Background: Intravenous thrombolysis with alteplase is the only approved treatment for acute ischemic stroke. But there are patients with a severe stroke who do not benefit much from intravenous thrombolysis compared with patients having a mild to moderate severe stroke. We want to see if there is a significant difference in gaining recovery between those who get mild stroke and those who get severe stroke.
Methods: Analysis of a thrombolysis- register ”SITS-MOST” (safe Implementation of Trombolysis in Stroke- Monitoring Study) from the period between 2003-01-01 and 2009-02-17 at Akerhus Universitets sykehus, Norway. Patients were evaluated with Rankin scale before getting stroke. At the point of stroke, patients were evaluated with NIHSS, TOAST- and Oxford classification. After getting thrombolysis, NIHSS was measured after 2 hours, 24 hours and after 7 days. Their function was monitored again after 3 months using Rankin scale.
Results: After giving thrombolysis the outcome after 24 hours was as follows: in the NIHSS =< 10 group 48% had been much better, 19% had been worse, and nobody had died yet. In the NIHSS > 10 group 43% had been much better, 10% had been worse, and nobody were died.
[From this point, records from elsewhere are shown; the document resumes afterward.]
(* Let $\Phi$ be an irreducible root system of rank $n$. There exists a subset $H_\Phi\subseteq[n]$ such that $$\mathcal H_\Phi=\{w(\breve\omega_k)^\perp\mid w\in W,\ k\in H_\Phi\}.$$ Furthermore, $H_\Phi$ is contained in the set of $h\in[n]$ such that the standard parabolic subsystem of $\Phi$ generated by $\Pi\setminus\{\alpha_h\}$ is irreducible.
   Context: $\Phi$ is a finite irreducible crystallographic root system in $E=\operatorname{span}_{\mathbb R}\Phi$ with inner product $(-,-)$, basis $\Pi=\{\alpha_1,\dots,\alpha_n\}$, Weyl group $W$. The fundamental coweights $\breve\omega_1,\dots,\breve\omega_n$ are the vectors of $E$ with $(\alpha_j,\breve\omega_i)=\delta_{ij}$; $W$ acts on them as vectors of $E$. $\mathcal P_\Phi=\operatorname{conv}(\Phi)$ and $\mathcal H_\Phi$ is the set of linear hyperplanes $\operatorname{span}_{\mathbb R}F$, $F$ a face of $\mathcal P_\Phi$ of dimension $n-2$. The standard parabolic subsystem generated by $\Gamma\subseteq\Pi$ is $\Phi\cap\operatorname{span}\Gamma$. *)

From HB Require Import structures.
From mathcomp Require Import all_boot all_order all_algebra.
From mathcomp Require Import reals.
Set Implicit Arguments. Unset Strict Implicit. Unset Printing Implicit Defensive.
Import Order.TTheory GRing.Theory Num.Theory.
Local Open Scope ring_scope.

(* Ambient Euclidean space E = R^n (row vectors) with the standard inner
   product; every n-dimensional Euclidean space is isometric to it. *)
Section RootSystems.
Variables (R : realType) (n : nat).
Notation vec := 'rV[R]_n.

Definition dot (u v : vec) : R := (u *m v^T) 0 0.

(* Reflection s_a as a matrix acting on row vectors: v *m refl a = s_a(v). *)
Definition refl (a : vec) : 'M[R]_n :=
  1%:M - ((2 / dot a a) *: (a^T *m a)).

Definition is_root_system (Phi : seq vec) : Prop :=
  [/\ (0 \notin Phi),
      (forall v : vec, v \in <<Phi>>%VS),
      (forall a c, a \in Phi -> c *: a \in Phi -> c = 1 \/ c = -1),
      (forall a b, a \in Phi -> b \in Phi -> b *m refl a \in Phi) &
      (forall a b, a \in Phi -> b \in Phi ->
         exists z : int, 2 * dot b a / dot a a = z%:~R)].

Definition irreducible (Phi : seq vec) : Prop :=
  forall P : pred vec,
    (exists2 a, a \in Phi & P a) -> (exists2 b, b \in Phi & ~~ P b) ->
    exists a b, [/\ a \in Phi, b \in Phi, P a, ~~ P b & dot a b != 0].

Definition is_base (Phi : seq vec) (Pi : 'I_n -> vec) : Prop :=
  [/\ (forall i, Pi i \in Phi),
      free [seq Pi i | i <- enum 'I_n] &
      (forall b, b \in Phi -> exists c : 'I_n -> int,
          b = \sum_i (c i)%:~R *: Pi i /\
          ((forall i, 0 <= c i) \/ (forall i, c i <= 0)))].

Definition in_weyl (Phi : seq vec) (w : 'M[R]_n) : Prop :=
  exists s : seq vec, all (mem Phi) s /\ w = foldr mulmx 1%:M (map refl s).

Definition is_coweights (Pi omega : 'I_n -> vec) : Prop :=
  forall i j, dot (Pi j) (omega i) = (i == j)%:R.

Definition conv (Phi : seq vec) (x : vec) : Prop :=
  exists c : 'I_(size Phi) -> R,
    [/\ (forall i, 0 <= c i), \sum_i c i = 1 & x = \sum_i c i *: Phi`_i].

Definition is_face (P F : vec -> Prop) : Prop :=
  exists (a : vec) (c : R), (forall y, P y -> dot a y <= c) /\
    (forall x, F x <-> (P x /\ dot a x = c)).

Definition is_span (S : vec -> Prop) (V : {vspace vec}) : Prop :=
  (forall x, S x -> x \in V) /\
  (forall U : {vspace vec}, (forall x, S x -> x \in U) -> (V <= U)%VS).

Definition has_dim (F : vec -> Prop) (d : nat) : Prop :=
  (exists x, F x) /\
  exists D, is_span (fun v => exists x y, [/\ F x, F y & v = x - y]) D
            /\ \dim D = d.

Definition in_HPhi (Phi : seq vec) (V : {vspace vec}) : Prop :=
  exists F : vec -> Prop,
    [/\ is_face (conv Phi) F, has_dim F (n - 2) & is_span F V].

Definition is_perp (V : {vspace vec}) (v : vec) : Prop :=
  forall x, (x \in V) = (dot x v == 0).

Definition parabolic (Phi : seq vec) (Pi : 'I_n -> vec) (h : 'I_n) : seq vec :=
  [seq b <- Phi | b \in <<[seq Pi j | j <- enum 'I_n & j != h]>>%VS].

End RootSystems.

From HB Require Import structures.
From mathcomp Require Import all_boot all_order all_algebra.
From mathcomp Require Import reals.
From mathcomp Require Import ring lra zify.
From Stdlib Require Import Classical.
Set Implicit Arguments. Unset Strict Implicit. Unset Printing Implicit Defensive.
Import Order.TTheory GRing.Theory Num.Theory.
Local Open Scope ring_scope.

(* A facet hyperplane V of conv(Phi) is spanned by the roots of the facet.  Its normal
   can be moved by the Weyl group into the dominant chamber, and a dominant vector
   orthogonal to n - 1 independent roots is orthogonal to all simple roots but one, i.e.
   it is a multiple of a fundamental coweight omega_k.  So H_Phi can be taken to be the
   set of k for which omega_k^perp is a facet hyperplane.
   For such a k, if the parabolic subsystem of omega_k^perp split into two orthogonal
   parts, so would the roots of the facet; irreducibility of Phi produces a root g that
   is not orthogonal to roots e1, e2 of the two parts.  After reflecting g so that
   (g, e1), (g, e2) > 0, integrality of the Cartan numbers puts -s_e1 s_e2 g strictly
   beyond the facet unless g lies in its span; hence g belongs to the parabolic
   subsystem and links the two parts. *)

Lemma count_lt_subpred (T : eqType) (a b : pred T) (s : seq T) x :
  subpred a b -> x \in s -> b x -> ~~ a x -> (count a s < count b s)%N.
Proof.
move=> ab + bx nax; elim: s => //= y s IH; rewrite inE => /orP [/eqP <-|/IH lt_ab].
  by rewrite bx (negbTE nax) add0n add1n ltnS sub_count.
have : (a y <= b y)%N by case: (boolP (a y)) => // /ab ->.
by move: lt_ab; clear; lia.
Qed.

Lemma sum_delta1 (R : pzSemiRingType) m (i0 : 'I_m) : \sum_i (i == i0)%:R = 1 :> R.
Proof. by rewrite (bigD1 i0) //= eqxx big1 ?addr0 // => i /negbTE ->. Qed.

Lemma sum_mul_delta (R : pzSemiRingType) m (j : 'I_m) (f : 'I_m -> R) :
  \sum_i f i * (i == j)%:R = f j.
Proof.
by rewrite (bigD1 j) //= eqxx mulr1 big1 ?addr0 // => i /negbTE ->; rewrite mulr0.
Qed.

Lemma sum_deltaZ (R : pzRingType) (V : lmodType R) m (i0 : 'I_m) (f : 'I_m -> V) :
  \sum_i (i == i0)%:R *: f i = f i0.
Proof.
by rewrite (bigD1 i0) //= eqxx scale1r big1 ?addr0 // => i /negbTE ->; rewrite scale0r.
Qed.

Section InnerProduct.
Variables (R : realType) (n : nat).
Notation vec := 'rV[R]_n.
Implicit Types (u v x y a : vec).

Lemma dotE u v : dot u v = \sum_i u 0 i * v 0 i.
Proof. by rewrite /dot !mxE; apply: eq_bigr => i _; rewrite mxE. Qed.

Lemma dotC u v : dot u v = dot v u.
Proof. by rewrite !dotE; apply: eq_bigr => i _; rewrite mulrC. Qed.

Lemma dotDl u v x : dot (u + v) x = dot u x + dot v x.
Proof. by rewrite !dotE -big_split; apply: eq_bigr => i _; rewrite mxE mulrDl. Qed.

Lemma dotZl c u x : dot (c *: u) x = c * dot u x.
Proof. by rewrite !dotE mulr_sumr; apply: eq_bigr => i _; rewrite mxE mulrA. Qed.

Lemma dotNl u x : dot (- u) x = - dot u x.
Proof. by rewrite -scaleN1r dotZl mulN1r. Qed.

Lemma dotBl u v x : dot (u - v) x = dot u x - dot v x.
Proof. by rewrite dotDl dotNl. Qed.

Lemma dot0l x : dot 0 x = 0.
Proof. by rewrite -(scale0r 0) dotZl mul0r. Qed.

Lemma dotZr c u x : dot x (c *: u) = c * dot x u.
Proof. by rewrite dotC dotZl dotC. Qed.

Lemma dotNr u x : dot x (- u) = - dot x u.
Proof. by rewrite dotC dotNl dotC. Qed.

Lemma dotBr u v x : dot x (u - v) = dot x u - dot x v.
Proof. by rewrite !(dotC x) dotBl. Qed.

Lemma dot_suml I (r : seq I) (P : pred I) (F : I -> vec) x :
  dot (\sum_(i <- r | P i) F i) x = \sum_(i <- r | P i) dot (F i) x.
Proof. by elim/big_rec2: _ => [|i y s _ <-]; rewrite ?dot0l ?dotDl. Qed.

Lemma dot_sumr I (r : seq I) (P : pred I) (F : I -> vec) x :
  dot x (\sum_(i <- r | P i) F i) = \sum_(i <- r | P i) dot x (F i).
Proof. by rewrite dotC dot_suml; apply: eq_bigr => i _; rewrite dotC. Qed.

Lemma dot_ge0 u : 0 <= dot u u.
Proof. by rewrite dotE; apply: sumr_ge0 => i _; rewrite -expr2 sqr_ge0. Qed.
Outcome after 3 months by using Rankin scale was as follow: In the NIHSS group =< 10, 13% had no symptoms, 30% had mild dysfunction, 13% had moderate difficulties, and 3% were died. Compared with the NIHSS > 10 group, 4% had no symptoms, 32 % had mild dysfunction, 29% moderate difficulties, and 7% were died after 3 months.
Conclusions: Our results confirm that a NIHS score over 10 after giving intravenous thrombolysis is associated with a poorer outcome compared with those with a NIH score below 10. The findings should encourage use of intraarterial thrombolytic therapy for suitable patients treated in stroke centres.